In a suit filed on Feb. 18 in the U.S. District Court for the District of Columbia, the U.S. Conference of Catholic Bishops (USCCB) said that 6,700 admitted refugees were assigned to a program for refugee resettlement when the Trump administration ended its funding in January and that the move could jeopardize those efforts. The bishops group also said the pause in funding means that it is now on the hook for millions in costs incurred, violating federal laws.
“As a direct result of the suspension, USCCB has millions of dollars in pending, unpaid reimbursements for services already rendered to refugees and is accruing millions more each week—with no indication that any future reimbursements will be paid or that the program will ever resume,” the lawsuit stated, adding it “has already been forced to initiate layoffs for fifty employees.”

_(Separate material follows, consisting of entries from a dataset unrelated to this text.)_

(* Let $D\subseteq\mathbb{R}^{p+2}$ be a domain invariant under $(\mathbf{x}_p,r)\mapsto(\mathbf{x}_p,-r)$ and let $f(\mathbf{x})=F_1(\mathbf{x}')+\underline{\omega}F_2(\mathbf{x}')$ be a generalized partial-slice function on $\Omega_D$ induced by a $C^1$ stem function, with $f\in C^1(\Omega_D,\mathbb{A})$. Then $f$ is monogenic on $\Omega_D$ (i.e. $D_{\mathbf{x}}f=0$) if and only if $$D_{\mathbf{x}_p}F_1(\mathbf{x}')-\partial_rF_2(\mathbf{x}')=\frac{q-1}{r}F_2(\mathbf{x}'),\qquad \overline{D}_{\mathbf{x}_p}F_2(\mathbf{x}')+\partial_rF_1(\mathbf{x}')=0,\qquad \mathbf{x}'=(\mathbf{x}_p,r)\in D,\ r\neq0.$$
   Context: Let $\mathbb{A}$ be a real alternative algebra (the associator $[a,b,c]=(ab)c-a(bc)$ is an alternating trilinear function) with unity $1$, of finite real dimension $d>1$, equipped with an anti-involution $a\mapsto a^c$ (real linear, $a^c=a$ for real $a$, $(a^c)^c=a$, $(ab)^c=b^ca^c$). Let $t(x)=x+x^c$, $n(x)=xx^c$, $\mathbb{S}_{\mathbb{A}}=\{x: t(x)=0,\ n(x)=1\}$ (assumed nonempty) and $Q_{\mathbb{A}}=\mathbb{R}\cup\{x: t(x)\in\mathbb{R},\ n(x)\in\mathbb{R},\ 4n(x)>t(x)^2\}$. Let $M$ be a real subspace with $\mathbb{R}\subsetneq M\subseteq Q_{\mathbb{A}}$ having a basis $(v_0,\dots,v_m)$, $m\ge1$, $v_0=1$, $v_s\in\mathbb{S}_{\mathbb{A}}$, $v_sv_t=-v_tv_s$ for distinct $s,t\ge1$; complete it to a basis of $\mathbb{A}$ with associated Euclidean norm. Identify $x=\sum x_sv_s\in M$ with $(x_0,\dots,x_m)\in\mathbb{R}^{m+1}$; differentiate componentwise. Fix $p\in\{0,\dots,m-1\}$, $q=m-p$; $\mathbf{x}=\mathbf{x}_p+\underline{\mathbf{x}}_q$ with $\mathbf{x}_p=\sum_{s=0}^px_sv_s\in\mathbb{R}^{p+1}$, $\underline{\mathbf{x}}_q=\sum_{s=p+1}^m x_sv_s$; $\mathbb{S}=\{\sum_{s=p+1}^m x_sv_s:\sum x_s^2=1\}$; $\underline{\mathbf{x}}_q=r\underline{\omega}$, $r=|\underline{\mathbf{x}}_q|$; $\mathbf{x}'=(\mathbf{x}_p,r)$. $D_{\mathbf{x}_p}f=\sum_{s=0}^p v_s\partial_{x_s}f$, $\overline{D}_{\mathbf{x}_p}f=\partial_{x_0}f-\sum_{s=1}^pv_s\partial_{x_s}f$, $D_{\mathbf{x}}f=\sum_{s=0}^mv_s\partial_{x_s}f$. $\Omega_D=\{\mathbf{x}_p+r\underline{\omega}:(\mathbf{x}_p,r)\in D,\ r\ge0,\ \underline{\omega}\in\mathbb{S}\}$. A stem function $(F_1,F_2):D\to\mathbb{A}^2$ has $F_1$ even and $F_2$ odd in $r$ and induces the generalized partial-slice function $f(\mathbf{x}_p+r\underline{\omega})=F_1(\mathbf{x}')+\underline{\omega}F_2(\mathbf{x}')$. *)

From HB Require Import structures.
From mathcomp Require Import all_boot all_order all_algebra.
From mathcomp Require Import all_classical all_reals all_analysis.
Set Implicit Arguments. Unset Strict Implicit. Unset Printing Implicit Defensive.
Import Order.TTheory GRing.Theory Num.Theory.
Import numFieldNormedType.Exports.
Local Open Scope classical_set_scope.
Local Open Scope ring_scope.

(* The algebra A is modelled on its underlying real vector space
   'rV[R]_d.+1 (finite dimension d.+1), with a bilinear product [mul],
   unity [one] and anti-involution [conj]. *)

Definition assoc (R : realType) (d : nat)
  (mul : 'rV[R]_d.+1 -> 'rV[R]_d.+1 -> 'rV[R]_d.+1) (a b c : 'rV[R]_d.+1) :=
  mul (mul a b) c - mul a (mul b c).

Definition alt_algebra_anti_inv (R : realType) (d : nat)
  (mul : 'rV[R]_d.+1 -> 'rV[R]_d.+1 -> 'rV[R]_d.+1) (one : 'rV[R]_d.+1)
  (conj : 'rV[R]_d.+1 -> 'rV[R]_d.+1) : Prop :=
  (forall (k : R) a b c, mul (k *: a + b) c = k *: mul a c + mul b c) /\
  (forall (k : R) a b c, mul c (k *: a + b) = k *: mul c a + mul c b) /\
  (forall a, mul one a = a /\ mul a one = a) /\
  (forall a b, assoc mul a a b = 0 /\ assoc mul a b a = 0 /\ assoc mul b a a = 0) /\
  (forall (k : R) a b, conj (k *: a + b) = k *: conj a + conj b) /\
  (forall k : R, conj (k *: one) = k *: one) /\
  (forall a, conj (conj a) = a) /\
  (forall a b, conj (mul a b) = mul (conj b) (conj a)).

Definition is_realA (R : realType) (d : nat) (one : 'rV[R]_d.+1) (a : 'rV[R]_d.+1) :=
  exists k : R, a = k *: one.

Definition trA (R : realType) (d : nat) (conj : 'rV[R]_d.+1 -> 'rV[R]_d.+1) a :=
  a + conj a.

Definition nA (R : realType) (d : nat)
  (mul : 'rV[R]_d.+1 -> 'rV[R]_d.+1 -> 'rV[R]_d.+1)
  (conj : 'rV[R]_d.+1 -> 'rV[R]_d.+1) a := mul a (conj a).

Definition in_SA (R : realType) (d : nat)
  (mul : 'rV[R]_d.+1 -> 'rV[R]_d.+1 -> 'rV[R]_d.+1) (one : 'rV[R]_d.+1)
  (conj : 'rV[R]_d.+1 -> 'rV[R]_d.+1) (a : 'rV[R]_d.+1) :=
  trA conj a = 0 /\ nA mul conj a = one.

Definition in_QA (R : realType) (d : nat)
  (mul : 'rV[R]_d.+1 -> 'rV[R]_d.+1 -> 'rV[R]_d.+1) (one : 'rV[R]_d.+1)
  (conj : 'rV[R]_d.+1 -> 'rV[R]_d.+1) (a : 'rV[R]_d.+1) :=
  is_realA one a \/
  exists t n : R, trA conj a = t *: one /\ nA mul conj a = n *: one /\
                  t ^+ 2 < 4 * n.

(* (v_0,...,v_m) is a basis of a subspace M with R ⊊ M ⊆ Q_A as in the paper *)
Definition admissible_basis (R : realType) (d m : nat)
  (mul : 'rV[R]_d.+1 -> 'rV[R]_d.+1 -> 'rV[R]_d.+1) (one : 'rV[R]_d.+1)
  (conj : 'rV[R]_d.+1 -> 'rV[R]_d.+1) (v : 'I_m.+1 -> 'rV[R]_d.+1) : Prop :=
  v ord0 = one /\
  (forall s, s != ord0 -> in_SA mul one conj (v s)) /\
  (forall s t, s != ord0 -> t != ord0 -> s != t ->
      mul (v s) (v t) = - mul (v t) (v s)) /\
  (forall c : 'I_m.+1 -> R, \sum_(s < m.+1) c s *: v s = 0 -> forall s, c s = 0) /\
  (forall c : 'I_m.+1 -> R, in_QA mul one conj (\sum_(s < m.+1) c s *: v s)).

(* the element sum_s x_s v_s of M identified with x in R^{m+1} *)
Definition embA (R : realType) (d m : nat) (v : 'I_m.+1 -> 'rV[R]_d.+1)
  (x : 'rV[R]_m.+1) : 'rV[R]_d.+1 := \sum_(s < m.+1) x 0 s *: v s.

Definition pd (R : realType) (n d : nat) (F : 'rV[R]_n.+1 -> 'rV[R]_d.+1)
  (x : 'rV[R]_n.+1) (i : 'I_n.+1) : 'rV[R]_d.+1 :=
  'D_(delta_mx 0 i) F x.

Definition C1_on (R : realType) (n d : nat) (U : set 'rV[R]_n.+1)
  (F : 'rV[R]_n.+1 -> 'rV[R]_d.+1) : Prop :=
  (forall x, U x -> forall i : 'I_n.+1, derivable F x (delta_mx 0 i)) /\
  (forall i : 'I_n.+1, {within U, continuous (fun x => pd F x i)}).

(* points of R^{p+2} are (x_0,...,x_p, r); r is the last coordinate ord_max *)
Definition rcoord (R : realType) (p : nat) (y : 'rV[R]_p.+2) : R := y 0 ord_max.

Definition reflect_r (R : realType) (p : nat) (y : 'rV[R]_p.+2) : 'rV[R]_p.+2 :=
  \row_(i < p.+2) (if i == ord_max then - y 0 i else y 0 i).

(* x_p = sum_{s<=p} y_s v_s viewed in R^{m+1} *)
Definition xp_embed (R : realType) (p m : nat) (y : 'rV[R]_p.+2) : 'rV[R]_m.+1 :=
  \row_(s < m.+1) (if (s <= p)%N then y 0 (inord s) else 0).

(* the sphere S of unit vectors in span(v_{p+1},...,v_m), in coordinates *)
Definition in_sphere (R : realType) (p m : nat) (w : 'rV[R]_m.+1) : Prop :=
  (forall s : 'I_m.+1, (s <= p)%N -> w 0 s = 0) /\
  \sum_(s < m.+1) w 0 s ^+ 2 = 1.
(* Let $g:\mathbb{R}\to\mathbb{R}$ be a univariate ReLU network whose weights and biases are rational numbers, let $x,\epsilon\in\mathbb{Q}$ with $\epsilon\ge 0$, and let $m$ be the number of weights and biases of $g$ and $d$ the maximal bit length of any of them (and of $x,\epsilon$). Then $\min_{t\in[x-\epsilon,x+\epsilon]}g(t)$ is attained and is a rational number whose bit length is $O(m\cdot d)$, i.e., bounded linearly in the encoding size of $g$.
   Context: A univariate ReLU network $g:\mathbb{R}\to\mathbb{R}$ is a composition of layers $h\mapsto\mathrm{ReLU}(W_k h+b_k)$, $k=1,\dots,\kappa$, with rational weight matrices $W_k$ and bias vectors $b_k$ encoded in binary, input and output dimension 1, and $\mathrm{ReLU}(t)=\max(0,t)$ applied coordinatewise. The bit length of a rational $p/q$ (in lowest terms) is the number of bits needed to write $p$ and $q$ in binary. *)

From mathcomp Require Import all_boot all_order all_algebra.
From mathcomp Require Import reals.
Set Implicit Arguments. Unset Strict Implicit. Unset Printing Implicit Defensive.
Import Order.TTheory GRing.Theory Num.Theory.
Local Open Scope ring_scope.

(* Number of binary digits of a natural number (0 is written with 1 digit). *)
Definition bitlen_nat (n : nat) : nat := (trunc_log 2 n).+1.

(* Bit length of a rational p/q in lowest terms (mathcomp rationals are
   always stored in lowest terms with q > 0): bits of |p| plus bits of q. *)
Definition bitlen_rat (r : rat) : nat :=
  (bitlen_nat `|numq r|%N + bitlen_nat `|denq r|%N)%N.

(* A layer h |-> ReLU(W h + b): W given as the list of its rows, b as a list. *)
Definition layer := (seq (seq rat) * seq rat)%type.

(* A (univariate) ReLU network: the list of its layers, applied first to last. *)
Definition relu_net := seq layer.

Definition wf_layer (nin nout : nat) (L : layer) : bool :=
  [&& size L.1 == nout, all (fun row => size row == nin) L.1 & size L.2 == nout].

Fixpoint wf_from (nin : nat) (N : relu_net) : bool :=
  match N with
  | [::] => nin == 1%N
  | L :: N' => wf_layer nin (size L.2) L && wf_from (size L.2) N'
  end.
(* Let $p\geq 2$. Then $$\mathcal{P}_{1,p}\Lambda^{1}(\mathcal{T}_h^2)=\bm{L}_h^p+\bm{\Sigma}_b^p .$$ Here $\bm{L}_h^p$ is the space of globally continuous vector fields whose restriction to each triangle is in $(\mathcal{P}_p)^2$, i.e. the vector Lagrange element of degree $p$. The space $\bm{\Sigma}_b^p$ is $$\bm{\Sigma}_b^p=\{\bm{B}\in\mathcal{P}_{1,p}\Lambda^1(\mathcal{T}_h^2):\ \bm{B}\cdot\bm{\nu}_e=0 \text{ on } e \text{ for every edge } e\in\mathcal{E}\},$$ where $\bm{\nu}_e$ is a unit normal vector of $e$.
   Context: $\Omega\subset\mathbb{R}^2$ is a polygonal domain with a conforming triangulation $\mathcal{T}_h^2$ into triangles. $\mathcal{E}$ denotes the set of edges and $\mathcal{V}$ the set of vertices. $\mathcal{P}_p$ denotes polynomials of degree at most $p$. The space $\mathcal{P}_{1,p}\Lambda^{1}(\mathcal{T}_h^2)$ is defined by $$\mathcal{P}_{1,p}\Lambda^{1}(\mathcal{T}_h^2)=\{\bm{v}\in H(\mathrm{div};\Omega):\ \bm{v}|_f\in(\mathcal{P}_p(f))^2\ \forall f\in\mathcal{T}_h^2,\ \bm{v} \text{ is continuous at every vertex}\}.$$ Continuity at a vertex means that all elements containing that vertex give $\bm{v}$ the same value there. *)

From mathcomp Require Import all_boot all_order all_algebra.
From mathcomp Require Import reals.
From mathcomp Require Export mpoly.
Set Implicit Arguments. Unset Strict Implicit. Unset Printing Implicit Defensive.
Import Order.TTheory GRing.Theory Num.Theory.
Local Open Scope ring_scope.

Section Defs.
Variable R : realType.

Definition point := 'rV[R]_2.

(* A mesh: a finite index type T of triangles, each given by its three
   vertices vtx t 0, vtx t 1, vtx t 2. *)
Variable T : finType.
Variable vtx : T -> 'I_3 -> point.

Definition in_tri (t : T) (x : point) : Prop :=
  exists l : 'I_3 -> R,
    (forall i, 0 <= l i) /\ \sum_i l i = 1 /\ x = \sum_i l i *: vtx t i.

Definition is_vtx (t : T) (a : point) : Prop := exists i, vtx t i = a.

(* Conforming triangulation:
   - every triangle is non-degenerate;
   - distinct indices give distinct triangles (distinct vertex sets);
   - the intersection of two closed triangles is the convex hull of their
     common vertices (empty, a common vertex, or a common edge). *)
Definition conforming_triangulation : Prop :=
  [/\ forall t, \det (col_mx (vtx t 1 - vtx t 0) (vtx t 2 - vtx t 0)) != 0,
      forall t s, t != s -> exists i, ~ is_vtx s (vtx t i)
    & forall t s x, in_tri t x -> in_tri s x ->
        exists l : 'I_3 -> R,
          [/\ forall i, 0 <= l i, \sum_i l i = 1,
              x = \sum_i l i *: vtx t i
            & forall i, l i != 0 -> is_vtx s (vtx t i)]].

Definition in_seg (a b x : point) : Prop :=
  exists u : R, 0 <= u <= 1 /\ x = (1 - u) *: a + u *: b.

Definition dot (u w : point) : R := \sum_i u 0 i * w 0 i.

Definition unit_normal (a b : point) : point :=
  let d := b - a in
  (Num.sqrt (d 0 0 ^+ 2 + d 0 1 ^+ 2))^-1 *:
    \row_(i < 2) (if i == 0 then - d 0 1 else d 0 0).

Definition pwfield := T -> 'I_2 -> {mpoly R[2]}.

Definition fval (v : pwfield) (t : T) (x : point) : point :=
  \row_(i < 2) (v t i).@[x 0].

(* Each piece is in (P_p)^2 : total degree at most p. *)
Definition pw_deg (p : nat) (v : pwfield) : Prop :=
  forall t i, (msize (v t i) <= p.+1)%N.

Definition normal_continuous (v : pwfield) : Prop :=
  forall t s a b x, a != b ->
    is_vtx t a -> is_vtx t b -> is_vtx s a -> is_vtx s b -> in_seg a b x ->
    dot (fval v t x) (unit_normal a b) = dot (fval v s x) (unit_normal a b).

Definition vertex_continuous (v : pwfield) : Prop :=
  forall t s a, is_vtx t a -> is_vtx s a -> fval v t a = fval v s a.

Definition globally_continuous (v : pwfield) : Prop :=
  forall t s x, in_tri t x -> in_tri s x -> fval v t x = fval v s x.

Definition P1p (p : nat) (v : pwfield) : Prop :=
  [/\ pw_deg p v, normal_continuous v & vertex_continuous v].

Definition Lh (p : nat) (v : pwfield) : Prop :=
  pw_deg p v /\ globally_continuous v.

Definition Sigma_b (p : nat) (v : pwfield) : Prop :=
  P1p p v /\
  forall t a b x, a != b -> is_vtx t a -> is_vtx t b -> in_seg a b x ->
    dot (fval v t x) (unit_normal a b) = 0.

End Defs.

From HB Require Import structures.
From mathcomp Require Import all_boot all_order all_algebra.
From mathcomp Require Import reals mpoly.
From mathcomp Require Import ring zify.
Set Implicit Arguments. Unset Strict Implicit. Unset Printing Implicit Defensive.
Import Order.TTheory GRing.Theory Num.Theory.
Local Open Scope ring_scope.

(* Let l_0, l_1, l_2 be the barycentric coordinates of a triangle with vertices
   a_0, a_1, a_2.  The edge [a_i, a_j] is the set where the third coordinate
   vanishes, and there l_i + l_j = 1.  Replacing every monomial x^m of a
   polynomial Q of degree <= p by (l_i a_i + l_j a_j)^m (l_i + l_j)^(p - |m|)
   gives a polynomial of degree <= p that equals Q on [a_i, a_j] and equals
   l_i^p Q(a_i) where l_j = 0.

   For v in P_{1,p}, let Q_e be the tangential part of v minus the linear
   interpolant of its vertex values along the edge e.  It vanishes at both ends
   of e, so the sum b of these lifts over the three edges of a triangle agrees
   with Q_e on every edge e.  Hence b has zero normal component on all edges
   and vanishes at the vertices: b lies in Sigma_b.  On an edge, v - b is the
   linear interpolant of the vertex values of v plus the normal component of v,
   and both are single-valued across the mesh by vertex and normal continuity;
   since two triangles of a conforming mesh meet in a common vertex or edge,
   v - b is globally continuous. *)

Section DegreeBound.
Variables (R : nzRingType) (n : nat).

Definition deg_le (d : nat) : {pred {mpoly R[n]}} :=
  fun q => (msize q <= d.+1)%N.

Lemma deg_leE d q : (q \in deg_le d) = (msize q <= d.+1)%N.
Proof. by rewrite unfold_in. Qed.

Lemma deg_le_submod_closed d : submod_closed (deg_le d).
Proof.
split=> [|a q r]; rewrite !unfold_in ?msize0 // => hq hr.
by rewrite (leq_trans (msizeD_le _ _)) // geq_max hr (leq_trans (msizeZ_le _ _)).
Qed.

HB.instance Definition _ d :=
  GRing.isSubmodClosed.Build R {mpoly R[n]} (deg_le d) (deg_le_submod_closed d).

Lemma deg_leW d e q : (d <= e)%N -> q \in deg_le d -> q \in deg_le e.
Proof. by rewrite !unfold_in => de /leq_trans; apply. Qed.

Lemma deg_leC d c : c%:MP \in deg_le d.
Proof. by rewrite unfold_in msizeC; case: (c == 0). Qed.

Lemma deg_leXU i : 'X_i \in deg_le 1.
Proof. by rewrite unfold_in msizeX mdeg1. Qed.

End DegreeBound.

Section DegreeBoundMul.
Variables (R : idomainType) (n : nat).
Implicit Types q r : {mpoly R[n]}.

Lemma deg_leM d e q r :
  q \in deg_le d -> r \in deg_le e -> q * r \in deg_le (d + e).
Proof.
have [->|q0] := eqVneq q 0; first by rewrite mul0r => _ _; apply: rpred0.
have [->|r0] := eqVneq r 0; first by rewrite mulr0 => _ _; apply: rpred0.
have q_gt0 : (0 < msize q)%N by rewrite lt0n msize_poly_eq0.
have r_gt0 : (0 < msize r)%N by rewrite lt0n msize_poly_eq0.
rewrite !unfold_in msizeM //; lia.
Qed.

Lemma deg_leXn d k q : q \in deg_le d -> q ^+ k \in deg_le (d * k).
Proof.
move=> qd; elim: k => [|k IHk]; first by rewrite expr0 unfold_in msize1.
by rewrite exprS mulnS deg_leM.
Qed.

Lemma deg_le_prod (I : Type) (s : seq I) (F : I -> {mpoly R[n]}) (d : I -> nat) :
  (forall i, F i \in deg_le (d i)) -> \prod_(i <- s) F i \in deg_le (\sum_(i <- s) d i).
Proof.
move=> Fd; elim: s => [|i s IHs]; last by rewrite !big_cons deg_leM.
by rewrite !big_nil unfold_in msize1.
Qed.

End DegreeBoundMul.

Section EdgeLift.
Variables (R : comNzRingType) (n m p : nat).
Implicit Types (al be : {mpoly R[n]}) (a b : 'rV[R]_m) (Q : {mpoly R[m]}).

Definition edge_lift al be a b Q : {mpoly R[n]} :=
  \sum_(mu <- msupp Q) Q@_mu *:
    ((\prod_k (a 0 k *: al + b 0 k *: be) ^+ mu k) * (al + be) ^+ (p - mdeg mu)).

Lemma meval_edge_lift al be a b Q (y : 'I_n -> R) :
  (edge_lift al be a b Q).@[y] = \sum_(mu <- msupp Q) Q@_mu *
    ((\prod_k (a 0 k * al.@[y] + b 0 k * be.@[y]) ^+ mu k) *
     (al.@[y] + be.@[y]) ^+ (p - mdeg mu)).
Proof.
rewrite rmorph_sum; apply: eq_bigr => mu _ /=.
rewrite mevalZ mevalM rmorphXn /= mevalD rmorph_prod /=; congr (_ * (_ * _)).
by apply: eq_bigr => k _; rewrite rmorphXn /= mevalD !mevalZ.
Qed.

Lemma edge_liftC al be a b Q : edge_lift al be a b Q = edge_lift be al b a Q.
Proof.
rewrite /edge_lift [be + al]addrC; apply: eq_bigr => mu _.
by under [in RHS]eq_bigr => k _ do rewrite addrC.
Qed.

Lemma edge_lift_on_edge al be a b Q (y : 'I_n -> R) :
  al.@[y] + be.@[y] = 1 ->
  (edge_lift al be a b Q).@[y] = Q.@[(al.@[y] *: a + be.@[y] *: b) 0].
Proof.
move=> sum1; rewrite meval_edge_lift mevalE; apply: eq_bigr => mu _.
rewrite sum1 expr1n mulr1; congr (_ * _); apply: eq_bigr => k _.
by rewrite !mxE mulrC [b 0 k * _]mulrC.
Qed.

Lemma edge_lift_off_edge al be a b Q (y : 'I_n -> R) :
  Q \in deg_le p -> be.@[y] = 0 ->
  (edge_lift al be a b Q).@[y] = al.@[y] ^+ p * Q.@[a 0].
Proof.
rewrite unfold_in => Qp be0; rewrite meval_edge_lift be0 [Q.@[_]]mevalE big_distrr /=.
rewrite !big_seq; apply: eq_bigr => mu /msize_mdeg_lt mu_lt.
have mu_le : (mdeg mu <= p)%N by rewrite -ltnS (leq_trans mu_lt).
under eq_bigr => k _ do rewrite mulr0 addr0 exprMn.
rewrite big_split /= prodrXr -mdegE addr0 -[in RHS](subnKC mu_le) exprD; ring.
Qed.

End EdgeLift.

Lemma deg_le_edge_lift (R : idomainType) (n m p : nat) (al be : {mpoly R[n]})
    (a b : 'rV[R]_m) (Q : {mpoly R[m]}) :
  al \in deg_le 1 -> be \in deg_le 1 -> Q \in deg_le p ->
  edge_lift p al be a b Q \in deg_le p.
Proof.
move=> al1 be1 Qp; rewrite /edge_lift big_seq; apply: rpred_sum => mu mu_Q.
apply: rpredZ; have mu_le : (mdeg mu <= p)%N.
  by rewrite -ltnS (leq_trans (msize_mdeg_lt mu_Q)).
apply: (@deg_leW _ _ (mdeg mu + (p - mdeg mu))); first by rewrite subnKC.
apply: deg_leM.
  rewrite mdegE -(eq_bigr _ (fun k _ => mul1n (mu k))).
  by apply: deg_le_prod => k; apply/deg_leXn/rpredD; apply: rpredZ.
by rewrite -[X in deg_le X]mul1n; apply/deg_leXn/rpredD.
Qed.

Section SegmentCoordinates.
Variables (R : pzRingType) (n : nat).

Definition seg_coords (i j : 'I_n) (u : R) (k : 'I_n) : R :=
  (1 - u) * (k == i)%:R + u * (k == j)%:R.

Lemma sum_seg_coordsZ (M : lmodType R) (W : 'I_n -> M) i j u :
  \sum_k seg_coords i j u k *: W k = (1 - u) *: W i + u *: W j.
Proof.
have delta l : \sum_k (k == l)%:R *: W k = W l.
  by rewrite (bigD1 l) //= eqxx scale1r big1 ?addr0 // => k /negbTE ->; rewrite scale0r.
rewrite -(delta i) -(delta j) !scaler_sumr -big_split /=.
by apply: eq_bigr => k _; rewrite /seg_coords !scalerA -scalerDl.
Qed.

Lemma sum_seg_coords i j u : \sum_k seg_coords i j u k = 1.
Proof.
move: (sum_seg_coordsZ (fun=> 1 : R^o) i j u); rewrite /GRing.scale /= !mulr1.
by under eq_bigr do rewrite mulr1; move=> ->; rewrite subrK.
Qed.

Lemma seg_coords_l i j u : i != j -> seg_coords i j u i = 1 - u.
Proof. by move=> /negbTE ij; rewrite /seg_coords eqxx ij mulr1 mulr0 addr0. Qed.

Lemma seg_coords_r i j u : i != j -> seg_coords i j u j = u.
Proof.
by rewrite eq_sym => /negbTE ji; rewrite /seg_coords eqxx ji mulr1 mulr0 add0r.
Qed.

Lemma seg_coords_other i j k u : k != i -> k != j -> seg_coords i j u k = 0.
Proof. by rewrite /seg_coords => /negbTE -> /negbTE ->; rewrite !mulr0 addr0. Qed.

End SegmentCoordinates.

Lemma seg_coords_ge0 (R : numDomainType) n (i j : 'I_n) (u : R) k :
  0 <= u <= 1 -> 0 <= seg_coords i j u k.
Proof. by case/andP=> u0 u1; rewrite /seg_coords addr_ge0 ?mulr_ge0 ?subr_ge0. Qed.

Lemma sum_supp2 (M : nmodType) n (F : 'I_n -> M) (i j : 'I_n) :
  i != j -> (forall m, m != i -> m != j -> F m = 0) -> \sum_m F m = F i + F j.
Proof.
move=> ij F0; rewrite (bigD1 i) // (bigD1 j) 1?eq_sym //= big1 ?addr0 ?addrA //.
by move=> m /andP[mi mj]; apply: F0.
Qed.

Section Barycentric.
Variables (R : fieldType) (V : 'I_3 -> 'rV[R]_2).

Definition edge_mx : 'M[R]_2 := col_mx (V 1 - V 0) (V 2 - V 0).

Hypothesis V_nondeg : \det edge_mx != 0.

(* The last two barycentric coordinates of x are the coordinates of x - V 0 in
   the basis given by the rows V 1 - V 0 and V 2 - V 0 of edge_mx. *)
Definition bary_tail (j : 'I_2) : {mpoly R[2]} :=
  \sum_k ('X_k - (V 0 0 k)%:MP) * (invmx edge_mx k j)%:MP.

Definition bary (i : 'I_3) : {mpoly R[2]} :=
  if unlift 0 i is Some j then bary_tail j else 1 - \sum_j bary_tail j.

Lemma row_edge_mx j : row j edge_mx = V (lift 0 j) - V 0.
Proof.
apply/rowP => k; rewrite !mxE.
by case: splitP => i0 ji0; rewrite ord1 !mxE; congr (V _ 0 k - _); apply/val_inj;
  rewrite /= /bump /= ji0 ord1.
Qed.

Lemma meval_bary (l : 'I_3 -> R) (x : 'rV[R]_2) :
  \sum_i l i = 1 -> x = \sum_i l i *: V i -> forall i, (bary i).@[x 0] = l i.
Proof.
move=> l1 xE.
have x_rel : x - V 0 = (\row_j l (lift 0 j)) *m edge_mx.
  rewrite mulmx_sum_row; under eq_bigr do rewrite mxE row_edge_mx.
  rewrite xE -[V 0 in LHS]scale1r -l1 scaler_suml -sumrB big_ord_recl subrr add0r.
  by apply: eq_bigr => j _; rewrite scalerBr.
have tail j : (bary_tail j).@[x 0] = l (lift 0 j).
  have := congr1 (fun r => (r *m invmx edge_mx) 0 j) x_rel.
  rewrite /= mulmxK ?unitmxE ?unitfE // mxE => <-.
  rewrite /bary_tail rmorph_sum [RHS]mxE; apply: eq_bigr => k _.
  by rewrite /= mevalM mevalB mevalXU !mevalC !mxE.
move=> i; rewrite /bary; case: unliftP => [j ->|->]; first exact: tail.
rewrite mevalB meval1 rmorph_sum /=; under eq_bigr do rewrite tail.
by rewrite -l1 big_ord_recl addrK.
Qed.

Lemma deg_le_bary i : bary i \in deg_le 1.
Proof.
have tail j : bary_tail j \in deg_le 1.
  apply: rpred_sum => k _; apply: (@deg_leM _ _ 1 0).
    by rewrite rpredB ?deg_leXU ?deg_leC.
  exact: deg_leC.
rewrite /bary; case: unlift => [j|]; first exact: tail.
by rewrite rpredB ?rpred_sum // -mpolyC1 deg_leC.
Qed.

Named in the lawsuit were both Secretary of State Marco Rubio and Department of Health and Human Services Secretary Robert F. Kennedy Jr.
If the funding is still suspended without court intervention, the USCCB “faces irreparable damage to its longstanding refugee resettlement programs and its reputation and relationship with its subrecipients and the refugee populations it serves,” its lawsuit said.
The conference is one of 10 national agencies, most of them religion-based, that handle refugees and that have been sent scrambling since receiving a Jan. 24 State Department letter informing them of an immediate suspension of funding pending a review of foreign aid programs.
The lawsuit further argued that the resettlement program isn’t foreign aid and is instead a domestic program to help newly arrived refugees meet initial needs such as housing and job placement.
“USCCB spends more on refugee resettlement each year than it receives in funding from the federal government, but it cannot sustain its programs without the millions in federal funding that provide the foundation of this private-public partnership,” its lawsuit stipulated.
Although the Trump administration has not responded to the lawsuit in court, Vice President JD Vance was critical of the Catholic bishops group in a Fox News interview earlier in February, saying it and related groups were involved in facilitating illegal immigration into the United States.
“You love your family, and then you love your neighbor, and then you love your community, and then you love your fellow citizens in your own country,” Vance, a Catholic, told Fox News. “Then after that, you can focus and prioritize the rest of the world.”
Vance, who called himself a devout Catholic in the interview, said he was disappointed in bishops because they had “not been a good partner in common sense immigration enforcement” and took in $100 million “to help resettle illegal immigrants.”
The Epoch Times contacted the Department of State for comment.